** Opening Task data block **

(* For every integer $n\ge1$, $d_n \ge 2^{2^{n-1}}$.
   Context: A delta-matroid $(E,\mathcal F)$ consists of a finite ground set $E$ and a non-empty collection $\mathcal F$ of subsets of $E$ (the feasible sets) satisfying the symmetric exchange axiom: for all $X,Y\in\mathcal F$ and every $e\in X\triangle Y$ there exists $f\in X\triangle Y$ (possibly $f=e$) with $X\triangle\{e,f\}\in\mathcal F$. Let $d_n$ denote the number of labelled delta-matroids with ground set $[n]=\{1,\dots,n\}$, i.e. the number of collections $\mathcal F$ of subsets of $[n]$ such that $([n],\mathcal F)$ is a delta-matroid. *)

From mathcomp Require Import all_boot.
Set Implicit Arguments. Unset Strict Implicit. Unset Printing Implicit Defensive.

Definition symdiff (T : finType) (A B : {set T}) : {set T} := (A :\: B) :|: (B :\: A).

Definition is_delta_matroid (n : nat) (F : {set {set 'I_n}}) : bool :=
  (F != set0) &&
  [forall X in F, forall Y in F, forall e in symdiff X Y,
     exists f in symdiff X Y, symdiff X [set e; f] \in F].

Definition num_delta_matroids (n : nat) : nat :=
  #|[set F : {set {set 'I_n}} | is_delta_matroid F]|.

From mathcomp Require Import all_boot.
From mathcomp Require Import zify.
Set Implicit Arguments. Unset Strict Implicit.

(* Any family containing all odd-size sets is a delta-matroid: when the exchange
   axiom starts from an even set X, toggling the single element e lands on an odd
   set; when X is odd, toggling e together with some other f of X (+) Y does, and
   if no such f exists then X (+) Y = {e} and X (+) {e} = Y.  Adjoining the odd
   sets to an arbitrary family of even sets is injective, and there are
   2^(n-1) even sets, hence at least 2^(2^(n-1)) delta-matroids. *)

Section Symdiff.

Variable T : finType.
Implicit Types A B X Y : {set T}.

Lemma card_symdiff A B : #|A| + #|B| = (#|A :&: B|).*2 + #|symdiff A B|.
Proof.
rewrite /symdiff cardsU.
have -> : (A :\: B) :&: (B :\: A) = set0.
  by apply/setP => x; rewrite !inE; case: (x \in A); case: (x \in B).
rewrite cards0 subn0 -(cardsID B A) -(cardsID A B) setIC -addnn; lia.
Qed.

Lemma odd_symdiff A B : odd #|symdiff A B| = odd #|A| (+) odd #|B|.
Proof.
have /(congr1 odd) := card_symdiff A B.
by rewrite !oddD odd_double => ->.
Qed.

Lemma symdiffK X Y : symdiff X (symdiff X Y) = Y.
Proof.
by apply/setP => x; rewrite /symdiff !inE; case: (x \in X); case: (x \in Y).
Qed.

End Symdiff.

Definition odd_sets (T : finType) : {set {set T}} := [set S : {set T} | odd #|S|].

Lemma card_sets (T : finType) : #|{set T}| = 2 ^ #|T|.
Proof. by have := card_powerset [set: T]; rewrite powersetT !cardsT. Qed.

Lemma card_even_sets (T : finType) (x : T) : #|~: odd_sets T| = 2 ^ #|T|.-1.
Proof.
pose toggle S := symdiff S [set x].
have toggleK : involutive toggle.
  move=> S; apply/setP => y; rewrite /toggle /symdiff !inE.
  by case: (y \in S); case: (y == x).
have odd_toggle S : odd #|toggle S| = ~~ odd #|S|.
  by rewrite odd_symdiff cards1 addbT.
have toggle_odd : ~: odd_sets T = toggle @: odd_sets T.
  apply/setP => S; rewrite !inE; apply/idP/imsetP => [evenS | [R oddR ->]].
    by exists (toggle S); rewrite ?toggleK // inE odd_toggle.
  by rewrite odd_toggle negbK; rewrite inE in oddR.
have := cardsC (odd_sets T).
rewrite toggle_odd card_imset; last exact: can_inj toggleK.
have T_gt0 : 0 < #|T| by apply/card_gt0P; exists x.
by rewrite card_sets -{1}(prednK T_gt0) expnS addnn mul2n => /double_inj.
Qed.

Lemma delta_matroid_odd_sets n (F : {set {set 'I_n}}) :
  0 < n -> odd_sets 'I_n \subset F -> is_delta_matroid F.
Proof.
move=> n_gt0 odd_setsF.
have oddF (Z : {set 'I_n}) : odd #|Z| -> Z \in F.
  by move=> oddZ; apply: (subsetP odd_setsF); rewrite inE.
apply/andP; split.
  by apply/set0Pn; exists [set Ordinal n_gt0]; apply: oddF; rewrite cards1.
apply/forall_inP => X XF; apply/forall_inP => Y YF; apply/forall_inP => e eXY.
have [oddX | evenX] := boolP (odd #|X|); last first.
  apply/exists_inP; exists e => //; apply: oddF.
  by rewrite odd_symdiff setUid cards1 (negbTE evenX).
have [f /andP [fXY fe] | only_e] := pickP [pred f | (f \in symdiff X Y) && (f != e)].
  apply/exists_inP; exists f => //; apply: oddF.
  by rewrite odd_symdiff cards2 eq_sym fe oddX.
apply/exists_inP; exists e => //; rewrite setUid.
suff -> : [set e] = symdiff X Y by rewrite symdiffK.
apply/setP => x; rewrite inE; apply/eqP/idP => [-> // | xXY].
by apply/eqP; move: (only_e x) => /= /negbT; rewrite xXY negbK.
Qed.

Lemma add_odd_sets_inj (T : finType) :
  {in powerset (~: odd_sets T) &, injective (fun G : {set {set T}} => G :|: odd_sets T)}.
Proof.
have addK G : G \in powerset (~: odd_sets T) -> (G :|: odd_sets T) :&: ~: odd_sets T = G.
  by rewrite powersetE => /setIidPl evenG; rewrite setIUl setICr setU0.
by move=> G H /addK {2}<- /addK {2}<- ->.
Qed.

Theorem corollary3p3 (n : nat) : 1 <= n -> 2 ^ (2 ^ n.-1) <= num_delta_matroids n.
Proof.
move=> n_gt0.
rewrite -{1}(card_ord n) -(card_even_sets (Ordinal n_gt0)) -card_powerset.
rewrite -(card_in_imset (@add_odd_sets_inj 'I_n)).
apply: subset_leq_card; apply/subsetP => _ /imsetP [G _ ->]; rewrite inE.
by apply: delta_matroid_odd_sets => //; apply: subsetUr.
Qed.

** Closing Task data block **

> **Exercise brief**
When the word "oddR" occurs in a line above, list that line.

> **Reply to the task**
  apply/setP => S; rewrite !inE; apply/idP/imsetP => [evenS | [R oddR ->]].
  by rewrite odd_toggle negbK; rewrite inE in oddR.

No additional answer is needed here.